Task to carry out | Write out the data once more, exactly as it reads.
==== Input ====
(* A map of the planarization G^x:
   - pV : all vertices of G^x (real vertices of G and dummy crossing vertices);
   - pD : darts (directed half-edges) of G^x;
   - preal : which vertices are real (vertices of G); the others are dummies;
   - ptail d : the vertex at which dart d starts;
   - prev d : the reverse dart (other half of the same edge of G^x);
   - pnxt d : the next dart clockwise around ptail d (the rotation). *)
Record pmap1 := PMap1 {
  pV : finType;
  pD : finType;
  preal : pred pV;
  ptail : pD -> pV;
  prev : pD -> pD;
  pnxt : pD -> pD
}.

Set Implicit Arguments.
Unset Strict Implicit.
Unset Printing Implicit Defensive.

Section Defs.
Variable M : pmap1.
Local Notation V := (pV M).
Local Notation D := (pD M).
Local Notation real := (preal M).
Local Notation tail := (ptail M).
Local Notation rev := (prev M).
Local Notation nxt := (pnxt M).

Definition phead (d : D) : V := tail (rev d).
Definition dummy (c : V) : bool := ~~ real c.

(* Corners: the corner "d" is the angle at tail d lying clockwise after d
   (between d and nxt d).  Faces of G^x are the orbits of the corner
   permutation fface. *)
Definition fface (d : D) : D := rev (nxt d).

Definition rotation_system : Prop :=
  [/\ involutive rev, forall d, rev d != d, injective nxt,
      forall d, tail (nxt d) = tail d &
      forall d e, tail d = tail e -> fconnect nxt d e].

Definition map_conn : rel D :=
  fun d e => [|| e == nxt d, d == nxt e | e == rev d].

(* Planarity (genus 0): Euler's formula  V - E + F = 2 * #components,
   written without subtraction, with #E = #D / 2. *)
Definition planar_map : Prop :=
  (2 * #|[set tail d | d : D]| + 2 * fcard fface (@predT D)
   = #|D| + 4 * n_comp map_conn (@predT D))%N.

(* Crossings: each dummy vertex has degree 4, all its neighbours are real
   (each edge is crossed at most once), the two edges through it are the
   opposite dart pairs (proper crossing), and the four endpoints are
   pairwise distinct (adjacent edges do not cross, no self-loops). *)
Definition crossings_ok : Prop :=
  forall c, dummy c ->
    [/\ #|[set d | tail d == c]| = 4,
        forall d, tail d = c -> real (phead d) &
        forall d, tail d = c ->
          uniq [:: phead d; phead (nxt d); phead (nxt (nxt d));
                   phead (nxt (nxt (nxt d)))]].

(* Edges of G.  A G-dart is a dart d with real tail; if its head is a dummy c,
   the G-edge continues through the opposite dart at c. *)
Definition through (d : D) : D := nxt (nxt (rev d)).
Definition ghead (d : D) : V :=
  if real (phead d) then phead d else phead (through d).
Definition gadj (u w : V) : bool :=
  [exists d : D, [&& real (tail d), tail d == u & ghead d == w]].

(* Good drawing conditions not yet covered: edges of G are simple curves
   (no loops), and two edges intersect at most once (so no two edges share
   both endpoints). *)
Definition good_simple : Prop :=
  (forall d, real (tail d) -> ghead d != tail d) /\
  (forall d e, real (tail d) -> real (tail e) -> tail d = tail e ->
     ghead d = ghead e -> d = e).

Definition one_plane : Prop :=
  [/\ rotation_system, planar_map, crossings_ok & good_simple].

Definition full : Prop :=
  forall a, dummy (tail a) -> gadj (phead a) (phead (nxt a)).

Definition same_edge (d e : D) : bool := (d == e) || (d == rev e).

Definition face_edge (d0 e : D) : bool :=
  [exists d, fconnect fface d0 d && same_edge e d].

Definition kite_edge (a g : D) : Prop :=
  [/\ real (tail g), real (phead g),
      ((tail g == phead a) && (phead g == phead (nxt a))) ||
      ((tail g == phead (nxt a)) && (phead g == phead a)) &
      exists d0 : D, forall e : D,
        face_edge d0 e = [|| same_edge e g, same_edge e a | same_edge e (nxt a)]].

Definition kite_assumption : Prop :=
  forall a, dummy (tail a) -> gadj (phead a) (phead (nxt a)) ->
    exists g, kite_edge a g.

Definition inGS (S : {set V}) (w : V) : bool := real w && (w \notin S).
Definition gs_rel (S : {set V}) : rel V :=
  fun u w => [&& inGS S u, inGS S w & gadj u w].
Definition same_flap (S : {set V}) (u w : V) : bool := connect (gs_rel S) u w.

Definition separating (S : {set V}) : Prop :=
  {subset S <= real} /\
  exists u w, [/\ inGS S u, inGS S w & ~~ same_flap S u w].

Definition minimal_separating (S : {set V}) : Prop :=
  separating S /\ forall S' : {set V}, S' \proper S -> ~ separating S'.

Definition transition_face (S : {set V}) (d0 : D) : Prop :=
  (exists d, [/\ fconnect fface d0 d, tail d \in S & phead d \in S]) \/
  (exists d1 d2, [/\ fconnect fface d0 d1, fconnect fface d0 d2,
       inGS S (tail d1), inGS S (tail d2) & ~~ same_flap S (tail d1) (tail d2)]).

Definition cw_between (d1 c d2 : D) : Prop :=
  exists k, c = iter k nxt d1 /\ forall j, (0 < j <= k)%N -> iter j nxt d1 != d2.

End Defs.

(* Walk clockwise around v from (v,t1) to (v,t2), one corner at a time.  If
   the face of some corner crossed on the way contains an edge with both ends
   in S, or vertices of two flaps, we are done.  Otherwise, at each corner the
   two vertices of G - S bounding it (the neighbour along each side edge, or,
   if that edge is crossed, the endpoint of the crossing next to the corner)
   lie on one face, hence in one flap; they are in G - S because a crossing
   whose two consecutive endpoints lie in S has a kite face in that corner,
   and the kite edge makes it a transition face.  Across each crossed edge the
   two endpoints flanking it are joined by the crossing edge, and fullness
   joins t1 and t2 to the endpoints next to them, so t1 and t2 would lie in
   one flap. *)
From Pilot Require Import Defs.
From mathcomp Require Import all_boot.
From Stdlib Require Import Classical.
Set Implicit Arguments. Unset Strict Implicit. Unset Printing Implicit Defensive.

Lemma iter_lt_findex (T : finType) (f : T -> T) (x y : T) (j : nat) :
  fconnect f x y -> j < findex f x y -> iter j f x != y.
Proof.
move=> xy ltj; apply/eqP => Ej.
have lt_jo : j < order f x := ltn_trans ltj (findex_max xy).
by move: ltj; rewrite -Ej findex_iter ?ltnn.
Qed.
====
Exercise output |
(* A map of the planarization G^x:
   - pV : all vertices of G^x (real vertices of G and dummy crossing vertices);
   - pD : darts (directed half-edges) of G^x;
   - preal : which vertices are real (vertices of G); the others are dummies;
   - ptail d : the vertex at which dart d starts;
   - prev d : the reverse dart (other half of the same edge of G^x);
   - pnxt d : the next dart clockwise around ptail d (the rotation). *)
Record pmap1 := PMap1 {
  pV : finType;
  pD : finType;
  preal : pred pV;
  ptail : pD -> pV;
  prev : pD -> pD;
  pnxt : pD -> pD
}.

Set Implicit Arguments.
Unset Strict Implicit.
Unset Printing Implicit Defensive.

Section Defs.
Variable M : pmap1.
Local Notation V := (pV M).
Local Notation D := (pD M).
Local Notation real := (preal M).
Local Notation tail := (ptail M).
Local Notation rev := (prev M).
Local Notation nxt := (pnxt M).

Definition phead (d : D) : V := tail (rev d).
Definition dummy (c : V) : bool := ~~ real c.

(* Corners: the corner "d" is the angle at tail d lying clockwise after d
   (between d and nxt d).  Faces of G^x are the orbits of the corner
   permutation fface. *)
Definition fface (d : D) : D := rev (nxt d).

Definition rotation_system : Prop :=
  [/\ involutive rev, forall d, rev d != d, injective nxt,
      forall d, tail (nxt d) = tail d &
      forall d e, tail d = tail e -> fconnect nxt d e].

Definition map_conn : rel D :=
  fun d e => [|| e == nxt d, d == nxt e | e == rev d].

(* Planarity (genus 0): Euler's formula  V - E + F = 2 * #components,
   written without subtraction, with #E = #D / 2. *)
Definition planar_map : Prop :=
  (2 * #|[set tail d | d : D]| + 2 * fcard fface (@predT D)
   = #|D| + 4 * n_comp map_conn (@predT D))%N.

(* Crossings: each dummy vertex has degree 4, all its neighbours are real
   (each edge is crossed at most once), the two edges through it are the
   opposite dart pairs (proper crossing), and the four endpoints are
   pairwise distinct (adjacent edges do not cross, no self-loops). *)
Definition crossings_ok : Prop :=
  forall c, dummy c ->
    [/\ #|[set d | tail d == c]| = 4,
        forall d, tail d = c -> real (phead d) &
        forall d, tail d = c ->
          uniq [:: phead d; phead (nxt d); phead (nxt (nxt d));
                   phead (nxt (nxt (nxt d)))]].

(* Edges of G.  A G-dart is a dart d with real tail; if its head is a dummy c,
   the G-edge continues through the opposite dart at c. *)
Definition through (d : D) : D := nxt (nxt (rev d)).
Definition ghead (d : D) : V :=
  if real (phead d) then phead d else phead (through d).
Definition gadj (u w : V) : bool :=
  [exists d : D, [&& real (tail d), tail d == u & ghead d == w]].

(* Good drawing conditions not yet covered: edges of G are simple curves
   (no loops), and two edges intersect at most once (so no two edges share
   both endpoints). *)
Definition good_simple : Prop :=
  (forall d, real (tail d) -> ghead d != tail d) /\
  (forall d e, real (tail d) -> real (tail e) -> tail d = tail e ->
     ghead d = ghead e -> d = e).

Definition one_plane : Prop :=
  [/\ rotation_system, planar_map, crossings_ok & good_simple].

Definition full : Prop :=
  forall a, dummy (tail a) -> gadj (phead a) (phead (nxt a)).

Definition same_edge (d e : D) : bool := (d == e) || (d == rev e).

Definition face_edge (d0 e : D) : bool :=
  [exists d, fconnect fface d0 d && same_edge e d].

Definition kite_edge (a g : D) : Prop :=
  [/\ real (tail g), real (phead g),
      ((tail g == phead a) && (phead g == phead (nxt a))) ||
      ((tail g == phead (nxt a)) && (phead g == phead a)) &
      exists d0 : D, forall e : D,
        face_edge d0 e = [|| same_edge e g, same_edge e a | same_edge e (nxt a)]].

Definition kite_assumption : Prop :=
  forall a, dummy (tail a) -> gadj (phead a) (phead (nxt a)) ->
    exists g, kite_edge a g.

Definition inGS (S : {set V}) (w : V) : bool := real w && (w \notin S).
Definition gs_rel (S : {set V}) : rel V :=
  fun u w => [&& inGS S u, inGS S w & gadj u w].
Definition same_flap (S : {set V}) (u w : V) : bool := connect (gs_rel S) u w.

Definition separating (S : {set V}) : Prop :=
  {subset S <= real} /\
  exists u w, [/\ inGS S u, inGS S w & ~~ same_flap S u w].

Definition minimal_separating (S : {set V}) : Prop :=
  separating S /\ forall S' : {set V}, S' \proper S -> ~ separating S'.

Definition transition_face (S : {set V}) (d0 : D) : Prop :=
  (exists d, [/\ fconnect fface d0 d, tail d \in S & phead d \in S]) \/
  (exists d1 d2, [/\ fconnect fface d0 d1, fconnect fface d0 d2,
       inGS S (tail d1), inGS S (tail d2) & ~~ same_flap S (tail d1) (tail d2)]).

Definition cw_between (d1 c d2 : D) : Prop :=
  exists k, c = iter k nxt d1 /\ forall j, (0 < j <= k)%N -> iter j nxt d1 != d2.

End Defs.

(* Walk clockwise around v from (v,t1) to (v,t2), one corner at a time.  If
   the face of some corner crossed on the way contains an edge with both ends
   in S, or vertices of two flaps, we are done.  Otherwise, at each corner the
   two vertices of G - S bounding it (the neighbour along each side edge, or,
   if that edge is crossed, the endpoint of the crossing next to the corner)
   lie on one face, hence in one flap; they are in G - S because a crossing
   whose two consecutive endpoints lie in S has a kite face in that corner,
   and the kite edge makes it a transition face.  Across each crossed edge the
   two endpoints flanking it are joined by the crossing edge, and fullness
   joins t1 and t2 to the endpoints next to them, so t1 and t2 would lie in
   one flap. *)
From Pilot Require Import Defs.
From mathcomp Require Import all_boot.
From Stdlib Require Import Classical.
Set Implicit Arguments. Unset Strict Implicit. Unset Printing Implicit Defensive.

Lemma iter_lt_findex (T : finType) (f : T -> T) (x y : T) (j : nat) :
  fconnect f x y -> j < findex f x y -> iter j f x != y.
Proof.
move=> xy ltj; apply/eqP => Ej.
have lt_jo : j < order f x := ltn_trans ltj (findex_max xy).
by move: ltj; rewrite -Ej findex_iter ?ltnn.
Qed.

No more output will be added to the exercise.